Task brief = Check each line below for "matrixP" and say how many have it, with no other words.

══════════

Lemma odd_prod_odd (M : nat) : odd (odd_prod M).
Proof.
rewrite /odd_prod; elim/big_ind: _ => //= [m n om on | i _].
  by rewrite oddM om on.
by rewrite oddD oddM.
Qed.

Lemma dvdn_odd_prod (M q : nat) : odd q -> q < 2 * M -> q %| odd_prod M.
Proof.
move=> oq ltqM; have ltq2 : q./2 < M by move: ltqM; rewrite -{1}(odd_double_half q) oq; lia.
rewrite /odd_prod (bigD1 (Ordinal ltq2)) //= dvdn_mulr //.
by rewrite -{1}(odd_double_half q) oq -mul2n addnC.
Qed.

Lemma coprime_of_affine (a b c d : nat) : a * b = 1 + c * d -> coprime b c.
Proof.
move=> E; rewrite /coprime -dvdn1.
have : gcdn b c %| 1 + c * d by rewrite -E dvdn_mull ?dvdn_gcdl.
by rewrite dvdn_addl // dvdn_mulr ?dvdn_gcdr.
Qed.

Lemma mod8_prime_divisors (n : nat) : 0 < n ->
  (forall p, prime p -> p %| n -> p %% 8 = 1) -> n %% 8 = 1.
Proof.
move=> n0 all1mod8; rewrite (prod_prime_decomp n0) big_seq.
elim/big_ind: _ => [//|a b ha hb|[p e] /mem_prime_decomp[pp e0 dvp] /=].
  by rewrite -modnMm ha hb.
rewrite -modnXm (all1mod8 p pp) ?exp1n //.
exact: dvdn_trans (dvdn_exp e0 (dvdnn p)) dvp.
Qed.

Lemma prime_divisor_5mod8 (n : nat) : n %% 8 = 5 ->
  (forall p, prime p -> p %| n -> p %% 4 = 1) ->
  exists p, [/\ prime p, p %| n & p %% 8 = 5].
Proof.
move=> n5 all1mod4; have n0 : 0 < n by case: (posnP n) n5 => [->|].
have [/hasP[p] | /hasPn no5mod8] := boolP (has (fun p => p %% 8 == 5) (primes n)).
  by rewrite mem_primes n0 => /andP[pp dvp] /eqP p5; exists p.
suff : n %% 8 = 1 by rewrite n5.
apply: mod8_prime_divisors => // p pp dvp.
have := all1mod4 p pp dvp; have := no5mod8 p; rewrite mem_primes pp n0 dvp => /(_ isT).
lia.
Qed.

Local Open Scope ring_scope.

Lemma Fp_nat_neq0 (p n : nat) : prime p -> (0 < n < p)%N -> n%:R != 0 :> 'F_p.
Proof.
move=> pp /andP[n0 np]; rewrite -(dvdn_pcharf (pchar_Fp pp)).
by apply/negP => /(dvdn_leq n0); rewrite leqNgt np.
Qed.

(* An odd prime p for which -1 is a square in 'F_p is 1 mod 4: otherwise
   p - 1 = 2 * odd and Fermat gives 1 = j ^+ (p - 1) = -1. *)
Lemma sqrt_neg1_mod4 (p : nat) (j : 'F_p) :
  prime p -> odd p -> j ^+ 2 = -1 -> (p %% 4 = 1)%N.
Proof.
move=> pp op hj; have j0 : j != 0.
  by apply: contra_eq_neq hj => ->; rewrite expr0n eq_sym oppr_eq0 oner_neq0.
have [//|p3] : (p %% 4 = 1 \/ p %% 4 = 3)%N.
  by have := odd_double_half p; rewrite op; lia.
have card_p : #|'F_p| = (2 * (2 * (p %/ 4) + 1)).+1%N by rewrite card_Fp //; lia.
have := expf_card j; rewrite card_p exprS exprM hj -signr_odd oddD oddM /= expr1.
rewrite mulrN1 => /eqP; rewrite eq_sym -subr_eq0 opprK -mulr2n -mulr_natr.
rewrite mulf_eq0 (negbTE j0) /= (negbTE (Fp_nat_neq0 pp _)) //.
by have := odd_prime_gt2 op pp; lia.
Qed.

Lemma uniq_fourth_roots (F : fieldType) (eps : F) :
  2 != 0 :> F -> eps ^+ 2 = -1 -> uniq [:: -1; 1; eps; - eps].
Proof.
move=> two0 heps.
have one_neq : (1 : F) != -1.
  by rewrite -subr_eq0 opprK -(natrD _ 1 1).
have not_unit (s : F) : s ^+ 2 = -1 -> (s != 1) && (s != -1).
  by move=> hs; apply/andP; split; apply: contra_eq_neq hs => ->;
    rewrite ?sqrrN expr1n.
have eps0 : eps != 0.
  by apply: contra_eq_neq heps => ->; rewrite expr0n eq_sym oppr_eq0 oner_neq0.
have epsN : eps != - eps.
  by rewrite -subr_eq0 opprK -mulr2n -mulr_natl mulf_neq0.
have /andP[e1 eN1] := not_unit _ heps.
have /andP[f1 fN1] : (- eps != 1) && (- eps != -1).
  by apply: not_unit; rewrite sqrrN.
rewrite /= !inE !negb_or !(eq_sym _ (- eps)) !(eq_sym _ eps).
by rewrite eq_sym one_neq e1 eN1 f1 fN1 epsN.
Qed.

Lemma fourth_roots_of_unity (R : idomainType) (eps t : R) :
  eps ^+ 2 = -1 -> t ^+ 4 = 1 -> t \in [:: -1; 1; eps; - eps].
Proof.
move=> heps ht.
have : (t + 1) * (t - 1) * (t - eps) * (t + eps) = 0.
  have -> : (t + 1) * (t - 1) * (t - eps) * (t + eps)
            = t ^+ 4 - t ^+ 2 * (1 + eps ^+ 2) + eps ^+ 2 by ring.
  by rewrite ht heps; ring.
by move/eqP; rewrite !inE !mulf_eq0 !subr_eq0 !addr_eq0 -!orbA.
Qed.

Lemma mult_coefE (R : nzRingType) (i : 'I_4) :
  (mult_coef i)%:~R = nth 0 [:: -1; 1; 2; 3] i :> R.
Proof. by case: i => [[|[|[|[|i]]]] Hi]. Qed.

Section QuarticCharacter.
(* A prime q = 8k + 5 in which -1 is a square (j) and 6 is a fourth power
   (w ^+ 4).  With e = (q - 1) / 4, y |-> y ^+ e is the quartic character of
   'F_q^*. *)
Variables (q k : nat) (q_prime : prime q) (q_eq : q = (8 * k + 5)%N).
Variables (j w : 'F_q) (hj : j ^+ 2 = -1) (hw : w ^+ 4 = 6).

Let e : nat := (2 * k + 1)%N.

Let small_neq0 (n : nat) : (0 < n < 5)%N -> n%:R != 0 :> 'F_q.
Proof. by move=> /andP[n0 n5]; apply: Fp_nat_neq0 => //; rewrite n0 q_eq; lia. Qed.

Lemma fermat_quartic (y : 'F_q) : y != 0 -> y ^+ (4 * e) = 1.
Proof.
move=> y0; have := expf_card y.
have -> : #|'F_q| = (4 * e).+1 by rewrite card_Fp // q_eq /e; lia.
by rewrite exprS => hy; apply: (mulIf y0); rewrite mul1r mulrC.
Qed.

══════════

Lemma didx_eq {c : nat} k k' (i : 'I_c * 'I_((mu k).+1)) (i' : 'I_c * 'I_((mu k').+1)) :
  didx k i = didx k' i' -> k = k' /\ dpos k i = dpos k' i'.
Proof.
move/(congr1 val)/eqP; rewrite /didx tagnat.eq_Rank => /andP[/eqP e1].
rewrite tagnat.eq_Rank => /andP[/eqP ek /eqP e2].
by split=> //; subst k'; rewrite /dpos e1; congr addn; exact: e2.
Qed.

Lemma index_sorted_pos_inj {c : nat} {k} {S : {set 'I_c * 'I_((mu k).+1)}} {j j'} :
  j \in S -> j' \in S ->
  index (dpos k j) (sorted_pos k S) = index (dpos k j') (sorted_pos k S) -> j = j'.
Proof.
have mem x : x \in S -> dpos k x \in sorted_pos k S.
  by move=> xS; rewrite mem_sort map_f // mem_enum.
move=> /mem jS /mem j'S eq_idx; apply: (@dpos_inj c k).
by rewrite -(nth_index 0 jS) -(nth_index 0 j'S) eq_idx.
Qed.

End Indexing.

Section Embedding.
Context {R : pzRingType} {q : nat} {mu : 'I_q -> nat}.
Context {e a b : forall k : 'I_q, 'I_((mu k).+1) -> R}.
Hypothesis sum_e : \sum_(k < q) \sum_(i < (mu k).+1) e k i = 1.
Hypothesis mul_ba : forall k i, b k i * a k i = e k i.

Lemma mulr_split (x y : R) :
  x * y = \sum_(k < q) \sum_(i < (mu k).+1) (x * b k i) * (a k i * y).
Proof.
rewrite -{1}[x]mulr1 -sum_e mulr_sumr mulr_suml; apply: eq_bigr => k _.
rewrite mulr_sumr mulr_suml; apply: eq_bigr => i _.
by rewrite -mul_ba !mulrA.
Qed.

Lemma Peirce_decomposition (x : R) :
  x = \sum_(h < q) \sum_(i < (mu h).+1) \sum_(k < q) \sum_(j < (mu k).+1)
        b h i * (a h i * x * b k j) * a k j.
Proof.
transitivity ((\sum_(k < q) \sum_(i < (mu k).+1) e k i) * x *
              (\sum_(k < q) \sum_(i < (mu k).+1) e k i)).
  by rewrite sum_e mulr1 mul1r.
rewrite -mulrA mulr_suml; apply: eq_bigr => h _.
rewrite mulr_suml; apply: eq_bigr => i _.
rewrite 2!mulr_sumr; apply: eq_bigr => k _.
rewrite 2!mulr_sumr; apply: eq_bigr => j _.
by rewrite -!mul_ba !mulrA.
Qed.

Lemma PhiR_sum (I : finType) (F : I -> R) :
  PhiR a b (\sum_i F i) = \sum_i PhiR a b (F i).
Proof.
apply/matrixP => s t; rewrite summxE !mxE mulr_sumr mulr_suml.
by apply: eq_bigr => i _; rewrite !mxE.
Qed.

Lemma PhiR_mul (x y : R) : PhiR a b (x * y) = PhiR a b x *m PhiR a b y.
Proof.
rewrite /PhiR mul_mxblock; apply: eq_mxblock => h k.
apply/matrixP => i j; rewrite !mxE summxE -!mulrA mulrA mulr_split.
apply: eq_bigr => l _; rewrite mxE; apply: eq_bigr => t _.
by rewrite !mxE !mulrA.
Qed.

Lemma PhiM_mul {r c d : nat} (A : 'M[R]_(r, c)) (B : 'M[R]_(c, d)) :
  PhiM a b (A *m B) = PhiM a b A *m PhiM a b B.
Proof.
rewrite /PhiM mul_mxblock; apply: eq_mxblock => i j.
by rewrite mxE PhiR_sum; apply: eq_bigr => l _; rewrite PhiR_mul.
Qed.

══════════

Task answer = 2